So a single light would take around 3-4 hours to test, and one as a part of a series is 1.5-2 hours. Considering that I fit in all my reviewing around a full time day job and the requirements of married life, it is unlikely I will find time for this as the new reviews are my priority. If I find myself at a loose end then I might do this.


----------



## shelm (Jan 25, 2013)

subwoofer said:


> Not having any ‘standard’ light source, I decided the best way to attempt some sort of calibration of the sphere was to use a selection of lights from reputable manufacturers including Fenix, *Nitecore*, FOURSEVENS and *Zebralight*. Each of the lights was set to all available output levels, with a reading taken for each, and all the results collated with the manufacturers specified outputs.



Thanks subwoofer for your time and hard efforts!

Calibration. Imho calibration is the key point of published lumens data and to me the one which matters most because once your setup is calibrated to an agreeable scale, we wouldnt need so many lumens tables from the same reviewer in order to compare brands and lights.

From my research and experience, Nitecore Zebralight Klarus Selfbuilt all overrate the lights. Overrate compared to what, compared to which scale?? Good question. The answer: compared to Fenix published lumens. As late as in winter 2010/11, Fenix was the first in the industry to introduce the ANSI FL-1 rating in their flashlights with 100% seriousness and accuracy. No more generous overrating and no conservative underrating but precise serious data.

Clearly, a light rated-100lm-by-Fenix is much brighter than a light rated-100lm-by-Zebralight (or Nitecore Klarus Selfbuilt). I like Klarus and Nitecore build quality and i own a couple of their lights but their lumens ratings are totally off compared to Fenix lights.

From the limited data of your review series i can tell that your published lumens data never coincide with the Fenix scale but tend to be higher than Fenix specs. At the same time your numbers are lower than Nitecore promises. So to speak, your numbers fall right in the middle between the truthful exact Fenix numbers and the self-overpromised Nitecore numbers. If a light model 'ABC' has got the Fenix logo and Fenix specs it with 100 ANSI lumens, the identical flashlight with a Nitecore logo Nitecore would spec it maybe with 140 "ANSI lumens we are member of PLATO blablah", and in your review of either identical light you would "measure" maybe 120 "ANSI lumens". So how is it possible that 3 parties publish 3 different ANSI lumens data for the same identical light?

Now it's too late. You established a calibration according to your assessment and the shifted scale remains as it is: your numbers will always make Fenix lights look self-underrated and Nitecore/Klarus/Zebralight/.. lights look self-overrated.

I agree that Fenix lights should be used as singular source of reference to calibrate a sphere, and I dont agree that Nitecore Zebralight Klarus (or Thrunite for that matter) should be included in the calibration process because they self-overrate their lights to varying degrees and inclusion of any of their lights would distort and shift the scale upwards beyond control.

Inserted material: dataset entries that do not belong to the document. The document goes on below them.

(* Fix a real number $0<\varepsilon<1$. There is a constant $c_0=c_0(\varepsilon)$ such that for every real $c\ge c_0$ there is $n_0$ with the following property: no line in $\mathbb{R}^2$ intersects more than two of the squares $Q_n$, $n\ge n_0$, where $Q_n$ is the closed axis-parallel square with side length $\left\lfloor \frac{2^{n}}{cn^{1+\varepsilon}}\right\rfloor$ whose top left corner is $\left(2^{n},\left\lfloor \frac{2^{n}}{n^{\varepsilon}}\right\rfloor\right)$, i.e. $$Q_n=\left[2^n,\,2^n+\left\lfloor \tfrac{2^{n}}{cn^{1+\varepsilon}}\right\rfloor\right]\times\left[\left\lfloor \tfrac{2^{n}}{n^{\varepsilon}}\right\rfloor-\left\lfloor \tfrac{2^{n}}{cn^{1+\varepsilon}}\right\rfloor,\,\left\lfloor \tfrac{2^{n}}{n^{\varepsilon}}\right\rfloor\right].$$ *)

From Stdlib Require Import Reals.
Open Scope R_scope.

(* floor of a real number, as a real: Int_part x = up x - 1 is the greatest
   integer <= x. *)
Definition floorR (x : R) : R := IZR (Int_part x).

Definition side (eps c : R) (n : nat) : R :=
  floorR (2 ^ n / (c * Rpower (INR n) (1 + eps))).

Definition top (eps : R) (n : nat) : R :=
  floorR (2 ^ n / Rpower (INR n) eps).

Definition in_Q (eps c : R) (n : nat) (x y : R) : Prop :=
  2 ^ n <= x <= 2 ^ n + side eps c n /\
  top eps n - side eps c n <= y <= top eps n.

Definition line_meets_Q (a b d eps c : R) (n : nat) : Prop :=
  exists x y : R, a * x + b * y = d /\ in_Q eps c n x y.

(* Dividing a x + b y = d by x shows that (x, y) |-> (1/x, y/x) maps lines to
   lines, so it suffices that the images of three squares are never collinear.
   The image of Q_n lies in a box around (2^-n, n^-eps) of relative width
   delta_n = n^-eps / (c n) and of height 2 delta_n + 2^-n, both small compared
   to w_n = eps n^(-eps-1) once c >= 200/eps and n >= 100/eps.  For n1 < n2 < n3,
   with j = n2 - n1 and k = n3 - n2, the first coordinates of the centres are
   2^-n2 (2^j - 1) and 2^-n2 (1 - 2^-k) apart, while the second coordinates drop
   by at most about j <= 2^j - 1 and at least about k >= 2 (1 - 2^-k) times
   w_n2.  The two secant slopes thus differ by a factor close to 2, which
   survives the perturbation. *)

From Stdlib Require Import Reals Lra Lia Psatz.
Open Scope R_scope.
Definition dual_scale (B : calg R) (b : B) (t : dual_obj B) : dual_obj B.
Proof.
exists (fun X x => balg_str X b * sval t X x).
case: (svalP t) => a l n; split.
- by move=> X x y; rewrite a mulrDr.
- by move=> X c x; rewrite l mulrCA.
- by move=> X Y g H x; rewrite (n _ _ _ H) /hom_fun rmorphM; congr (_ * _); have := H b; rewrite /hom_fun => ->.
Defined.

Definition balg_pull A B (f : calg_hom A B) (X : balg B) : balg A :=
  existT _ (balg_alg X) (hom_comp f (balg_str X)).

Definition dual_map A B (f : calg_hom A B) (t : dual_obj A) : dual_obj B.
Proof.
exists (fun X x => sval t (balg_pull f X) x).
case: (svalP t) => a l n; split.
- by move=> X x y; rewrite a.
- by move=> X c x; rewrite l.
- move=> X Y g H x; apply: (n (balg_pull f X) (balg_pull f Y) g) => c /=.
  exact: (H (f c)).
Defined.

Definition dual : modFunctor R :=
  @ModFunctor R dual_obj dual_zero dual_add dual_opp dual_scale dual_map.

End Dual.

Definition finite_type (R : pzRingType) (E : lmodType R) : Prop :=
  exists n (v : 'I_n -> E), forall e : E, exists c : 'I_n -> R,
    e = \sum_(i < n) c i *: v i.

Definition projective (R : pzRingType) (E : lmodType R) : Prop :=
  forall (M N : lmodType R) (p : {linear M -> N}) (f : {linear E -> N}),
    (forall y, exists x, p x = y) ->
    exists g : {linear E -> M}, forall e, p (g e) = f e.

(* Both directions go through a dual basis (e_i, psi_i) of E, i.e. a finite family with
   x = sum_i psi_i(x) e_i, which exists exactly when E is projective of finite type.

   Given a dual basis, the matrix A = (psi_i(e_j)) is idempotent.  V := {x in R^n | xA = x}
   is a model of E^*, the functor B |-> {x in B^n | x A_B = x} is its quasi-coherent module,
   and the coordinates t |-> t(row_i A) identify E (x) B with the dual of that functor.

   Conversely, let E = V^* with V quasi-coherent, and let <x, v> in R be the induced pairing.
   Over the square-zero extension R (+) V, the map v |-> (0, v) is an element of V^*(R (+) V);
   writing it as a finite combination of elements e_i of E and reading off the V-component
   gives v = sum_i <e_i, v> w_i.  Dualising this decomposition, x = sum_i <x, w_i> e_i for
   every x in E: a dual basis of E. *)

From HB Require Import structures.
From mathcomp Require Import all_boot all_order all_algebra.
From Stdlib Require Import FunctionalExtensionality ProofIrrelevance IndefiniteDescription.
Set Implicit Arguments. Unset Strict Implicit. Unset Printing Implicit Defensive.
Import GRing.Theory.
Local Open Scope ring_scope.

Section DualBasis.
Variable R : comPzRingType.

Definition dual_basis (E : lmodType R) n (e : 'I_n -> E) (psi : 'I_n -> {scalar E}) : Prop :=
  forall x, x = \sum_(i < n) psi i x *: e i.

So probably the best way for calibration of a sphere, since we dont have a ‘standard’ light source, imo is to *focus on a single *manufacturer, Fenix, and measure say 10 popular lights of them and learn if their published lumens specs are consistent with each other once the sphere is calibrated to the 10 lights. If a reviewer's sphere can reproduce the Fenix specs of all 10 Fenix lights, then it would mean that Fenix publishes consistent data and that the sphere is PERFECTLY calibrated to Fenix standards, Fenix lights!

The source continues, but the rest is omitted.